Remove adaptors from short-read sequencing data. I needed a faster
tool to remove adaptor sequences from reads for my own in my own data
analysis. I wrote this in Rust because I wanted to experiment with the
libraries for parallelism. It turns out this application does not need
much in the way of parallelism. I think this code is reasonably fast.
Unlike the tools I was using previously, `adapto-rs` does not use more
cores concurrently than the number of threads specified by the user,
which is an absolute requirement of my computing environment.
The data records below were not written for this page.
Definition is_alg_aut (k : fieldType) (A : lmodType k) (mulA : A -> A -> A)
  (sg : A -> A) : Prop :=
  lin sg /\ bijective sg /\ forall x y, sg (mulA x y) = mulA (sg x) (sg y).

Definition is_unital_alg_aut (k : fieldType) (S : comUnitAlgType k)
  (sg : S -> S) : Prop :=
  lin sg /\ bijective sg /\ (forall x y, sg (x * y) = sg x * sg y) /\ sg 1 = 1.

(* homogeneous component of degree \bar i : sg x = omega^i x *)
Definition homog (k : fieldType) (V : lmodType k) (sg : V -> V) (omega : k)
  (i : int) (x : V) : Prop := sg x = (omega ^ i) *: x.

(* membership in the fixed-point subalgebra (A (x) S)_0 = sum_j A_{-j} (x) S_j *)
Definition in_fixed (k : fieldType) (A : lmodType k) (S : comUnitAlgType k)
  (T : lmodType k) (tens : A -> S -> T) (s1 : A -> A) (s2 : S -> S) (omega : k)
  (x : T) : Prop :=
  exists r : seq (int * A * S),
    (forall p, p \in r -> homog s1 omega (- p.1.1) p.1.2 /\ homog s2 omega p.1.1 p.2)
    /\ x = \sum_(p <- r) tens p.1.2 p.2.

(* d (a function T -> T) restricts to a derivation of the subalgebra B
   (only its values on B matter) *)
Definition is_der_on (k : fieldType) (T : lmodType k) (mulT : T -> T -> T)
  (B : T -> Prop) (d : T -> T) : Prop :=
  (forall x, B x -> B (d x)) /\
  (forall (c : k) x y, B x -> B y -> d (c *: x + y) = c *: d x + d y) /\
  (forall x y, B x -> B y -> d (mulT x y) = mulT (d x) y + mulT x (d y)).

From HB Require Import structures.
From mathcomp Require Import all_boot all_order all_algebra.
From mathcomp Require Import zify.
Set Implicit Arguments. Unset Strict Implicit. Unset Printing Implicit Defensive.
Import GRing.Theory.
Local Open Scope ring_scope.

(* Put X = a (x) u^-s b and v = u^m. Since omega^m = 1, v is sigma_2-invariant,
   so X and v X both lie in the fixed-point subalgebra, and the bracket of the
   statement is u^s (v^-1 d(v X) - d X). Applying d to (v X) Y = X (v Y) and
   cancelling v shows that delta(X) := v^-1 d(v X) - d X satisfies
   delta(X) Y = X delta(Y); the three identities follow by moving powers of u
   out of the products. The S-action is only known on pure tensors, so its
   module laws are established on the span of the pure tensors, which contains
   the fixed-point subalgebra. *)

Section LinearMaps.
Variables (k : fieldType) (U V W : lmodType k).

Lemma lin0 (f : U -> V) : lin f -> f 0 = 0.
Proof.
move=> f_lin; have := f_lin 1 0 0; rewrite !scale1r addr0 => f00.
by apply: (@addrI _ (f 0)); rewrite addr0 -f00.
Qed.

Lemma linD (f : U -> V) x y : lin f -> f (x + y) = f x + f y.
Proof. by move=> f_lin; have := f_lin 1 x y; rewrite !scale1r. Qed.

Lemma linB (f : U -> V) x y : lin f -> f (x - y) = f x - f y.
Proof.
move=> f_lin; have := f_lin (-1) y 0.
by rewrite addr0 lin0 // addr0 !scaleN1r linD // => ->.
Qed.

Lemma lin_sum (f : U -> V) (I : Type) (r : seq I) (F : I -> U) :
  lin f -> f (\sum_(i <- r) F i) = \sum_(i <- r) f (F i).
Proof.
move=> f_lin; elim: r => [|x r IHr]; first by rewrite !big_nil lin0.
by rewrite !big_cons linD // IHr.
Qed.

Lemma lin_comp (f : V -> W) (g : U -> V) : lin f -> lin g -> lin (fun x => f (g x)).
Proof. by move=> f_lin g_lin c x y; rewrite g_lin f_lin. Qed.

End LinearMaps.

Section Homogeneous.
Variables (k : fieldType) (S : comUnitAlgType k) (s2 : S -> S) (omega : k).
Hypothesis s2M : forall x y, s2 (x * y) = s2 x * s2 y.
Hypothesis s2_1 : s2 1 = 1.
Hypothesis omega_neq0 : omega != 0.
If you have `cargo` installed, you can build this code by doing:
```console
cargo build --release
```
in the root of the source directory, and then run
```console
./target/release/adapto-rs
```
to see the command line arguments.

If you need a static linked binary, which I currently do for a cluster
(x86, linux) environment that I do not manage, you can build one on
your own Ubuntu machine by doing the following:
```console
sudo apt install musl-tools
rustup target add x86_64-unknown-linux-musl
RUSTFLAGS='-C target-feature=+crt-static' cargo build --release --target x86_64-unknown-linux-musl
```
I think I got a smaller and possibly faster binary with this instead:
```console
RUSTFLAGS='-C target-feature=+crt-static -C codegen-units=1 -C lto -C embed-bitcode=yes' cargo build --release --target x86_64-unknown-linux-musl
```
You will then find the binary in the
`./target/x86_64-unknown-linux-musl/release/` subdirectory.